Преобразование обычно является сложной и трудоемкой задачей. Часто некоторые преобразования остаются после загрузки.

Как и базы данных, DWH имеет дело со структурированными данными. Однако стоимость хранения ниже, чем у баз данных.

Помимо обычных провайдеров баз данных (Oracle, Microsoft, SAP и IBM), хорошими примерами СХД являются Teradata и AWS Redshift.

Стандартный язык SQL расширен для поддержки запросов OLAP. В частности, инструкция GROUP BY содержит операторы CUBE, ROLLUP и GROUPING SETS для выполнения запросов OLAP.

Вы также можете использовать стек ELK (Elasticsearch, Logstash и Kibana) в качестве решения для хранилища данных.

В итоге,

  • СХД хранит большие объемы данных
  • Предназначен для аналитической обработки (OLAP) — аналитика и отчетность
  • Данные извлекаются из исходных систем — хранятся текущие и исторические — Мы делаем ETL, чтобы получить данные туда
  • Подобно базам данных, DWH имеет жесткую схему, которая определяется во время записи.

Что такое озеро данных?

Озера данных, очень похожие на DWH, позволяют хранить большие объемы данных, чтобы получать ценную информацию.

Однако ключевое отличие здесь в том, что они предназначены для сбора данных в их необработанных формах — данные могут быть структурированными, полуструктурированными или неструктурированными.

Мы выполняем ELT (извлечение, загрузка и затем преобразование).

Возьмем, к примеру, файл журнала. В DWH вы должны сначала преобразовать и загрузить в базу данных, тогда как в озере данных вы сохраняете файл журнала в его необработанном формате и преобразуете, когда хотите его использовать.

В то время как база данных и DWH следуют схеме при записи, озера данных следуют схеме при чтении.
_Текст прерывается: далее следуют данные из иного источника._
Lemma Re_ray_integral_neg_real (x : R) : 0 <= x -> Re (ray_integral (RtoC (- x))) <= 0.
Proof.
  intros Hx. unfold ray_integral.
  assert (Hcont : forall k : C -> R, k = fst \/ k = snd ->
            ex_RInt (fun s => k (erf_kernel (RtoC (- x)) s)) 0 1).
  { intros k Hk. apply (@ex_RInt_continuous R_CompleteNormedModule); intros s _.
    apply (@ex_derive_continuous R_AbsRing R_NormedModule).
    destruct Hk as [-> | ->]; unfold erf_kernel, Cexp, Cmult, Copp, RtoC, Re, Im; simpl;
      auto_derive; trivial. }
  rewrite RInt_C_components by (apply Hcont; auto). unfold Re; cbn [fst].
  apply Rle_trans with (RInt (fun _ => 0) 0 1).
  2:{ rewrite RInt_const; unfold scal; simpl; unfold mult; simpl; lra. }
  apply RInt_le; [lra | apply Hcont; auto | apply ex_RInt_const |].
  intros s _. unfold erf_kernel, Cexp, Cmult, Copp, RtoC, Re, Im; simpl.
  match goal with |- context [cos ?a] => replace a with 0 by ring end.
  match goal with |- context [sin ?a] => replace a with 0 by ring end.
  rewrite cos_0, sin_0.
  match goal with |- context [exp ?a] => pose proof (exp_pos a); set (E := exp a) in * end.
  nra.
Qed.

Lemma Lambda_neg_real_ge (x : R) : 0 <= x -> exp (x * x) <= Re (Lambda (RtoC (- x))).
Proof.
  intros Hx. pose proof (Re_ray_integral_neg_real x Hx) as HE.
  assert (Hpi : 0 < 2 / sqrt PI) by (apply Rdiv_lt_0_compat; [lra | apply sqrt_lt_R0, PI_RGT_0]).
  unfold Lambda. rewrite Cerf_ray_integral.
  destruct (ray_integral (RtoC (- x))) as [e1 e2]; unfold Re in *; simpl in *.
  unfold Cexp, Re, Im; simpl.
  match goal with |- context [cos ?a] => replace a with 0 by ring end.
  match goal with |- context [sin ?a] => replace a with 0 by ring end.
  replace (- x * - x - 0 * 0) with (x * x) by ring.
  rewrite cos_0, sin_0. pose proof (exp_pos (x * x)). set (E := exp (x * x)) in *.
  assert (0 <= E * (2 / sqrt PI * - e1)) by (apply Rmult_le_pos; nra). lra.
Qed.

(* Numerical inequality 2 sqrt t / sqrt pi <= 1 + t/2 <= e^{t/2}, using sqrt pi > 1.7. *)
Lemma sqrt_le_exp_half (t : R) : 0 <= t -> 2 * sqrt t / sqrt PI <= exp (t / 2).
Proof.
  intros Ht.
  assert (Hpi : 1.7 < sqrt PI).
  { apply Rsqr_incrst_0; [| lra | apply sqrt_pos].
    unfold Rsqr; rewrite sqrt_sqrt by (left; apply PI_RGT_0).
    pose proof PI2_3_2; lra. }
  assert (Hst : sqrt t * sqrt t = t) by (apply sqrt_sqrt, Ht).
  pose proof (sqrt_pos t). pose proof (exp_ineq1_le (t / 2)).
  apply Rle_trans with (1 + t / 2); [|lra].
  apply Rmult_le_reg_r with (sqrt PI); [lra|].
  unfold Rdiv at 1. rewrite Rmult_assoc, Rinv_l, Rmult_1_r by lra.
  pose proof (Rle_0_sqr (sqrt t - 1.2)); unfold Rsqr in *. nra.
Qed.

Lemma Csqrt_i_mult (t : R) : 0 < t -> Csqrt (Ci * RtoC t)%C = (sqrt (t / 2), sqrt (t / 2)).
Proof.
  intros Ht.
  assert (Hit : (Ci * RtoC t)%C = (0, t))
    by (unfold Cmult, Ci, RtoC; apply injective_projections; simpl; ring).
  assert (Hmod : Cmod (0, t) = t).
  { unfold Cmod; simpl. replace (0 * (0 * 1) + t * (t * 1)) with (t * t) by ring.
    apply sqrt_square; lra. }
  rewrite Hit. unfold Csqrt, Re, Im; simpl. rewrite Hmod.
  destruct (Rle_dec 0 t); [|lra].
  apply injective_projections; simpl; f_equal; [|ring_simplify]; f_equal; field.
Qed.

Theorem mainTheorem13 (t : R) (z : C) (ht : 0 < t) :
  Cmod (Rfun t z) <=
  2 * Re (Lambda (RtoC (- (sqrt t / sqrt 2)))) * exp (Rabs (Re z)).
Proof.
  set (q := sqrt (t / 2)).
  assert (Hq : 0 < q) by (apply sqrt_lt_R0; lra).
  assert (Hqq : q * q = t / 2) by (apply sqrt_sqrt; lra).
  unfold Rfun; cbv zeta. rewrite (Csqrt_i_mult t ht); fold q.
  assert (Hs : (q, q) <> RtoC 0) by (intros H; injection H; lra).
  assert (Hss : Re ((q, q) * (q, q))%C = 0) by (unfold Re, Cmult; simpl; ring).
  assert (Hmod : Cmod (q, q) = sqrt t) by (unfold Cmod; simpl; f_equal; nra).
  eapply Rle_trans; [apply (Lambda_pair_bound z (q, q) Hs Hss)|].
  rewrite Hmod. apply Rmult_le_compat_r; [left; apply exp_pos|].
  assert (Hx : sqrt t / sqrt 2 * (sqrt t / sqrt 2) = t / 2).
  { rewrite <- sqrt_div_alt by lra. apply sqrt_sqrt; lra. }
  assert (Hx0 : 0 <= sqrt t / sqrt 2)
    by (apply Rdiv_le_0_compat; [apply sqrt_pos | apply sqrt_lt_R0; lra]).
  pose proof (Lambda_neg_real_ge _ Hx0) as HL. rewrite Hx in HL.
  pose proof (sqrt_le_exp_half t (Rlt_le _ _ ht)) as Hexp.
  unfold Rdiv in *. lra.
Qed.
Hadoop, Spark, Amazon S3 — хорошие примеры озер данных.

В итоге,

  • Озера данных предназначены для сбора необработанных данных (структурированных, полуструктурированных, неструктурированных) — вы, вероятно, не знаете, что с ними делать во время сбора (но рекомендуется хотя бы определить, для чего они будут использоваться). для)
  • Обычно хранят большие объемы данных
  • Обычно мы храним данные в озерах данных перед преобразованием и хранением в удобных для аналитики системах.

Это в значительной степени охватывает три системы, которые мы хотели обсудить сегодня.

Используйте эти знания, чтобы произвести впечатление на своих коллег и интервьюеров :)

Приятно получать ваши отзывы об этой статье. Это помогает мне улучшить мое письмо и охватить более широкую аудиторию.

Давайте превзойдем алгоритм Medium для начинающих писателей, поделившись им как можно больше!

PS: Вы проверяли, что происходит, когда вы нажимаете кнопку "Нравится" более одного раза?